Exercise aim: Could you show all lines in the entries below that contain the string "haxR"?

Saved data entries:
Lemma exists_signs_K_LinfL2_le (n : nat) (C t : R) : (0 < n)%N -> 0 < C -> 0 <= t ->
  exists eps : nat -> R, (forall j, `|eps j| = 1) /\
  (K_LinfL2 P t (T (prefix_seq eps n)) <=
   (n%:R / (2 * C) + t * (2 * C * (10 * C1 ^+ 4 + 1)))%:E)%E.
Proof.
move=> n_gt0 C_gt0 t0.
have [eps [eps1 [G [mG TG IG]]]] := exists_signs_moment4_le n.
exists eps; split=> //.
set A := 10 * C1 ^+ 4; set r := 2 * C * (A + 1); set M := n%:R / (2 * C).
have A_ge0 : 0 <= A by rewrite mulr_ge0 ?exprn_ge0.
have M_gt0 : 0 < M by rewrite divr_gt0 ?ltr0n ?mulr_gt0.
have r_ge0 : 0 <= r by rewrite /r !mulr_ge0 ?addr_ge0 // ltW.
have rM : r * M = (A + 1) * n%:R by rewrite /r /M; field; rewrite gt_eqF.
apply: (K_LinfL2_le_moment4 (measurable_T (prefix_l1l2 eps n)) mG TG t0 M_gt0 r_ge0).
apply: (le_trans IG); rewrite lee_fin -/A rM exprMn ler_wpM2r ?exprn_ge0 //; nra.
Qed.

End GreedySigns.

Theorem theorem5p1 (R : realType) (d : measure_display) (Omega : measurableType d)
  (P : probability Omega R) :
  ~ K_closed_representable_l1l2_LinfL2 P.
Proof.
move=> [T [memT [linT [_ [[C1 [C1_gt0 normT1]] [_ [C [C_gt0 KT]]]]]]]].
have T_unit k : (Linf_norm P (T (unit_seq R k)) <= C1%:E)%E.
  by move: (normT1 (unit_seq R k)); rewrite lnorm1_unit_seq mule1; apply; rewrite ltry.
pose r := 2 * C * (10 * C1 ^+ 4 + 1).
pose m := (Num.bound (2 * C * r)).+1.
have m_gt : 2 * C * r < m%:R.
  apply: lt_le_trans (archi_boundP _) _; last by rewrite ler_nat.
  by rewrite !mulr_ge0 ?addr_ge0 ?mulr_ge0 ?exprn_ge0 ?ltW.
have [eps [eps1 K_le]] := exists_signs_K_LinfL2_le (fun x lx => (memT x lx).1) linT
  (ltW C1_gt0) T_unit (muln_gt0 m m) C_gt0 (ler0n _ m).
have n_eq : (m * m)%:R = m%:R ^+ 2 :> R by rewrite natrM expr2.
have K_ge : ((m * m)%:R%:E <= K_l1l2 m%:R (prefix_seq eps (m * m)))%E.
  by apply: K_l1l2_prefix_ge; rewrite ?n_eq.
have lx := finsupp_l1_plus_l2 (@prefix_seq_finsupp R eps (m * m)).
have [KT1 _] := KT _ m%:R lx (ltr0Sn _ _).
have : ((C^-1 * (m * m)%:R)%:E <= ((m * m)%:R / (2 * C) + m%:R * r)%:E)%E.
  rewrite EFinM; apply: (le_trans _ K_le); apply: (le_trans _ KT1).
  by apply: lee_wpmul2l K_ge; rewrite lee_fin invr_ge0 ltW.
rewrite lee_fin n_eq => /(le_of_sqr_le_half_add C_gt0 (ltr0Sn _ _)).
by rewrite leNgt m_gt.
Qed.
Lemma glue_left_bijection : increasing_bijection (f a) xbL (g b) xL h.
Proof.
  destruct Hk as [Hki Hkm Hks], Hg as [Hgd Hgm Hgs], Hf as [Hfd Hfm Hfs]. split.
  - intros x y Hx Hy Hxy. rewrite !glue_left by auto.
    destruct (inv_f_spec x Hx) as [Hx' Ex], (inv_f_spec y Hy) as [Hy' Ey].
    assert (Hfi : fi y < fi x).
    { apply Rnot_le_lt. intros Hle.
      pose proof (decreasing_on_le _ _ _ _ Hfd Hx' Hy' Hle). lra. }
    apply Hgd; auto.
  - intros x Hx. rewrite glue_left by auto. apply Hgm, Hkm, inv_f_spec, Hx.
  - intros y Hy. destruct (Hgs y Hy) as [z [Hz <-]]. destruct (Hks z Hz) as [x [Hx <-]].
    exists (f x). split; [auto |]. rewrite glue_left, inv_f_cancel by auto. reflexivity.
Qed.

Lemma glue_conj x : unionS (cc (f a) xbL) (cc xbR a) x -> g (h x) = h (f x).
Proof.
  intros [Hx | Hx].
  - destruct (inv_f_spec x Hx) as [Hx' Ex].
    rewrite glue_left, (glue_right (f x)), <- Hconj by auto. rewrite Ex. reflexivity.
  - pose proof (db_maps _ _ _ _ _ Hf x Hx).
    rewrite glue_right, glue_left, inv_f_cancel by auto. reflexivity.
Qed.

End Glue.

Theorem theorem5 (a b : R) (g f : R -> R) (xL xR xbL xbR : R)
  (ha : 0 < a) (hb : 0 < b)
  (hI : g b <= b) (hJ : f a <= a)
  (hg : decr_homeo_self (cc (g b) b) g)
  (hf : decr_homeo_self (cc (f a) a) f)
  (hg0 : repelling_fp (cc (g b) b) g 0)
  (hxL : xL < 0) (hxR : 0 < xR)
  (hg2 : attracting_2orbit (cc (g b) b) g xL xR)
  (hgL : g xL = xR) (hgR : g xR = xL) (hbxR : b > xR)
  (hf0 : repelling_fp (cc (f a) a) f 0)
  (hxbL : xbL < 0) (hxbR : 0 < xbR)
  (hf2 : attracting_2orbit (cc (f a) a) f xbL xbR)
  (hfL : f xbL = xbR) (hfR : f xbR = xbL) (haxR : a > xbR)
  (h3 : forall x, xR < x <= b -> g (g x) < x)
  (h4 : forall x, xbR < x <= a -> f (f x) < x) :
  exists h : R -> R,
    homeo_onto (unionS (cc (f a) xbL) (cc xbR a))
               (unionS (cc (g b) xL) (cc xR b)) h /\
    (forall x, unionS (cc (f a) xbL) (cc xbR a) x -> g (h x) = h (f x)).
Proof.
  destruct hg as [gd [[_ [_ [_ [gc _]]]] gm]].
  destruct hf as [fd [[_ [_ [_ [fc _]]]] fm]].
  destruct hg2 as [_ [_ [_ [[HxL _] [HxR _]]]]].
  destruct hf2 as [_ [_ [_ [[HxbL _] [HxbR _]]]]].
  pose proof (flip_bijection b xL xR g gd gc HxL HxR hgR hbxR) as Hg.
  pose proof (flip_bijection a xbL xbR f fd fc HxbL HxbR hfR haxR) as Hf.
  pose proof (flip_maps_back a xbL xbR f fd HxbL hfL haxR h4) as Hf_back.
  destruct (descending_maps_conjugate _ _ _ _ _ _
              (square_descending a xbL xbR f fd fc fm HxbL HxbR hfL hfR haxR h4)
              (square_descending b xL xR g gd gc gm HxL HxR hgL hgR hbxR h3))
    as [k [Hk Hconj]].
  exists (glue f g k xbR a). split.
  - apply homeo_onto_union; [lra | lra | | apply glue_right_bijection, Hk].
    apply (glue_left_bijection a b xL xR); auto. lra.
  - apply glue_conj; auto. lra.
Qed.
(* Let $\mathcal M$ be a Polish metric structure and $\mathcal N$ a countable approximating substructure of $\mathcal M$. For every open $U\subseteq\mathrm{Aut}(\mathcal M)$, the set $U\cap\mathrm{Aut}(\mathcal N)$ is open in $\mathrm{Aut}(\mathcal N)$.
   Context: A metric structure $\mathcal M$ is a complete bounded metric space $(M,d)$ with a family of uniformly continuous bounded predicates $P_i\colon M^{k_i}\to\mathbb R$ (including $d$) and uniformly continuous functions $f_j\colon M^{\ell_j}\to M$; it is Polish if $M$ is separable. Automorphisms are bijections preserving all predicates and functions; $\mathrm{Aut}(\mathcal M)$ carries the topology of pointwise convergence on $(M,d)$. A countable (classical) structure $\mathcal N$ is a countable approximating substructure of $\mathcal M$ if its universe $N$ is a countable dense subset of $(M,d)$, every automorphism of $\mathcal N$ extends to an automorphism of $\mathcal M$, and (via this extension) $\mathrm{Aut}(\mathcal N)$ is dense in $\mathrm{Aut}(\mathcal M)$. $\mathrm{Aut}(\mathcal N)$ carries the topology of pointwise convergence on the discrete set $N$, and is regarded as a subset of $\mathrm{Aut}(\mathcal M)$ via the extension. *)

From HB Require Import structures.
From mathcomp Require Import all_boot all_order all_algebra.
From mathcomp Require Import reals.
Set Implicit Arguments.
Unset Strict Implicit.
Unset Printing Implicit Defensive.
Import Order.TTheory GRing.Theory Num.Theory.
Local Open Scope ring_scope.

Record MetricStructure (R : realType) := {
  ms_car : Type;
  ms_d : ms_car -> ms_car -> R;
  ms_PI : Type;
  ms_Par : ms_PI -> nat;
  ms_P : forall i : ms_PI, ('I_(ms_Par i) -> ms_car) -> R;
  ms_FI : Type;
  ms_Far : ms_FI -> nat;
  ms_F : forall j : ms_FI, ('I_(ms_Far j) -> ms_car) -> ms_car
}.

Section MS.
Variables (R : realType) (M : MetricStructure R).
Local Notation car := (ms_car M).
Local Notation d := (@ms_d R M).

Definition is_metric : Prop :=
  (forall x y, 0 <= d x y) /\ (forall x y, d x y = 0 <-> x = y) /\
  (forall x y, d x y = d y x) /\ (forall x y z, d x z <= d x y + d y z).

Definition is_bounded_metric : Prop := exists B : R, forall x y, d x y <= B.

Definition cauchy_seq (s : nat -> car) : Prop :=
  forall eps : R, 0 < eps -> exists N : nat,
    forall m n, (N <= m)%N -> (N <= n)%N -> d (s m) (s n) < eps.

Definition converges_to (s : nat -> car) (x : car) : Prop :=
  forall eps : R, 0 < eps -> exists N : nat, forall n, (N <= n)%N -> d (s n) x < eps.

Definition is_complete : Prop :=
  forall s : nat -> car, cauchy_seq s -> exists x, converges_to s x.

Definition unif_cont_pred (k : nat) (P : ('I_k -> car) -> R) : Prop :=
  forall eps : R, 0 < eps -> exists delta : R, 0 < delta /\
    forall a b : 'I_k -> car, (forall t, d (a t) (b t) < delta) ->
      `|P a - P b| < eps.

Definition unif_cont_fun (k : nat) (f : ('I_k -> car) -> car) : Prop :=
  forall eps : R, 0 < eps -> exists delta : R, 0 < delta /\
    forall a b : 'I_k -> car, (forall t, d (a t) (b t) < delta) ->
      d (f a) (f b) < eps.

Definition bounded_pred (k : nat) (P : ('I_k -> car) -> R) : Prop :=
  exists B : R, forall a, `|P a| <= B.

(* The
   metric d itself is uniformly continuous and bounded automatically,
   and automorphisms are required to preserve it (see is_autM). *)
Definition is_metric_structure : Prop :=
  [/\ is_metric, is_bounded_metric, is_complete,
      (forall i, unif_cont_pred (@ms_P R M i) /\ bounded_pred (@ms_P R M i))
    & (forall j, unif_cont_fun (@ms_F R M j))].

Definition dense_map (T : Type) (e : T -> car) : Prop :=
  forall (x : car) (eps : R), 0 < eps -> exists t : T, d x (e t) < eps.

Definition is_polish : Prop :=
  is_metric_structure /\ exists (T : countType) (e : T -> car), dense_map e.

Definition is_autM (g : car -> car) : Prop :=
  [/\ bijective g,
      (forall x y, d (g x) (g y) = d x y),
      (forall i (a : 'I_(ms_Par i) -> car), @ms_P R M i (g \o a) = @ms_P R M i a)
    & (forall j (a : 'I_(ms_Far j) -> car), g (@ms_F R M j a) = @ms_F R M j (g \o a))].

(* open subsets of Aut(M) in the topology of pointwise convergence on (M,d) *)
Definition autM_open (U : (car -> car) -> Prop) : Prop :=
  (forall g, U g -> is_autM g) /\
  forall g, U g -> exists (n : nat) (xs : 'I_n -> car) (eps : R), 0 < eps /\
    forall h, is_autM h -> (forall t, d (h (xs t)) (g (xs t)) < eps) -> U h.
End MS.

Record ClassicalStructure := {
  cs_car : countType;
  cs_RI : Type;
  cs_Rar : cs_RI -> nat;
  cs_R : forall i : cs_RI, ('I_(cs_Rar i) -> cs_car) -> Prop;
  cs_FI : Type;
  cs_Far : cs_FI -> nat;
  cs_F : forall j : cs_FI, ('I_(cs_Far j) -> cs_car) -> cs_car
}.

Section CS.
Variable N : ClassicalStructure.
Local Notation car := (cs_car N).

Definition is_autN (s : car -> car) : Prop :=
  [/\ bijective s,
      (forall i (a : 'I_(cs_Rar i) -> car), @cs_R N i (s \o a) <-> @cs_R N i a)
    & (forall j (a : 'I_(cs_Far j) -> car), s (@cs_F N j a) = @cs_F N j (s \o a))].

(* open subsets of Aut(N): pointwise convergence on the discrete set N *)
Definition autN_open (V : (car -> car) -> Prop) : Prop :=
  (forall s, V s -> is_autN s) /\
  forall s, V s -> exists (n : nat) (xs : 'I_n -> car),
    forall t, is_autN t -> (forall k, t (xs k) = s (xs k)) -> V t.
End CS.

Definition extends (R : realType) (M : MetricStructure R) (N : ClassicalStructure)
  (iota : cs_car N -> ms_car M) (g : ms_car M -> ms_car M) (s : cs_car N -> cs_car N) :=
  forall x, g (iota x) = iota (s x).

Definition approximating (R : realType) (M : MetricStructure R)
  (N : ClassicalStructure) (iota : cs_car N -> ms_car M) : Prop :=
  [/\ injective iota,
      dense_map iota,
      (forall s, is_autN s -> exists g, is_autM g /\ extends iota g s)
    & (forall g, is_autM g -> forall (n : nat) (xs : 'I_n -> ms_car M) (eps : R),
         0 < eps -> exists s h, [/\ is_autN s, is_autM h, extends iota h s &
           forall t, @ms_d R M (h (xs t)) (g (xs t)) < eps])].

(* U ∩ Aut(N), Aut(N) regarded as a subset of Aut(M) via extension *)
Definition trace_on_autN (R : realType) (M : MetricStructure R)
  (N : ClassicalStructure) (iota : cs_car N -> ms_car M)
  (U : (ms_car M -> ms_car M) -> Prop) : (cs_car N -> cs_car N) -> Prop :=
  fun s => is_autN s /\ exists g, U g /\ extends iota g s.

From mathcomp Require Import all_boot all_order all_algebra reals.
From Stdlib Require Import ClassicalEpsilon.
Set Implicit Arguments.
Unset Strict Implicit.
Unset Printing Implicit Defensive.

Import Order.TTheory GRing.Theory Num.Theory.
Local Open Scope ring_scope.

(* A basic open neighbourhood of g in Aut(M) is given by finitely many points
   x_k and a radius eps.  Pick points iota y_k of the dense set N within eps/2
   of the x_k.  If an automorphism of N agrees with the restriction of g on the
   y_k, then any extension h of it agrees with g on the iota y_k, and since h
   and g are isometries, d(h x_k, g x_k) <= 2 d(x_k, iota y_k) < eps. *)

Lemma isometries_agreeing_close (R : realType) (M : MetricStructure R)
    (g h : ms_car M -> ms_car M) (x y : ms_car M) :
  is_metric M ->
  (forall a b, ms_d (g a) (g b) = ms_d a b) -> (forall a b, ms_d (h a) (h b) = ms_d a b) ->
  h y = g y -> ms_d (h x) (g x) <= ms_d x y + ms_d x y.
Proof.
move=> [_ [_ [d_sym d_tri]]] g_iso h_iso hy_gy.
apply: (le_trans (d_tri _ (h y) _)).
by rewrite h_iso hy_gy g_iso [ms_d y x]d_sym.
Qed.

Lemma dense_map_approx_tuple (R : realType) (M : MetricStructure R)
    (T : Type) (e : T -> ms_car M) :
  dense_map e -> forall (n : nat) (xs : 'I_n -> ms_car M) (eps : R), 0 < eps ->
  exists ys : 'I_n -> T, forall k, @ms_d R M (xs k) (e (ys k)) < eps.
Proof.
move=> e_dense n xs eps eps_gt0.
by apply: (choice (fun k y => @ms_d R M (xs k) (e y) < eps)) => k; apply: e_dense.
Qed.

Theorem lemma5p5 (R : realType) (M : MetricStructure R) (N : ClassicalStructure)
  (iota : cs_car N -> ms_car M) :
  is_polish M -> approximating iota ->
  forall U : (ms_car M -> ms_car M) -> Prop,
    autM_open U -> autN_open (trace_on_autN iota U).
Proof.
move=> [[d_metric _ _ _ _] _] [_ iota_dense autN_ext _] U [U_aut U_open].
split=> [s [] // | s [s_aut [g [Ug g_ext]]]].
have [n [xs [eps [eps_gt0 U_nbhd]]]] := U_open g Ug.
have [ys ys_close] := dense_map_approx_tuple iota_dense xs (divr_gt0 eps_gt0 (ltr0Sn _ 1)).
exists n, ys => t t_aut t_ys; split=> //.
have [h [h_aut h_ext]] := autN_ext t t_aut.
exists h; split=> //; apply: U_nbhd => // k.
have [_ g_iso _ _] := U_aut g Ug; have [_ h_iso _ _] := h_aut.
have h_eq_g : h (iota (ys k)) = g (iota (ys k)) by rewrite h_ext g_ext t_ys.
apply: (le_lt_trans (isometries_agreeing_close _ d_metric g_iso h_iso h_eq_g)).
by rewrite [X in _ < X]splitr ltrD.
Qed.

Reply:
  (hfL : f xbL = xbR) (hfR : f xbR = xbL) (haxR : a > xbR)
  pose proof (flip_bijection a xbL xbR f fd fc HxbL HxbR hfR haxR) as Hf.
  pose proof (flip_maps_back a xbL xbR f fd HxbL hfL haxR h4) as Hf_back.
              (square_descending a xbL xbR f fd fc fm HxbL HxbR hfL hfR haxR h4)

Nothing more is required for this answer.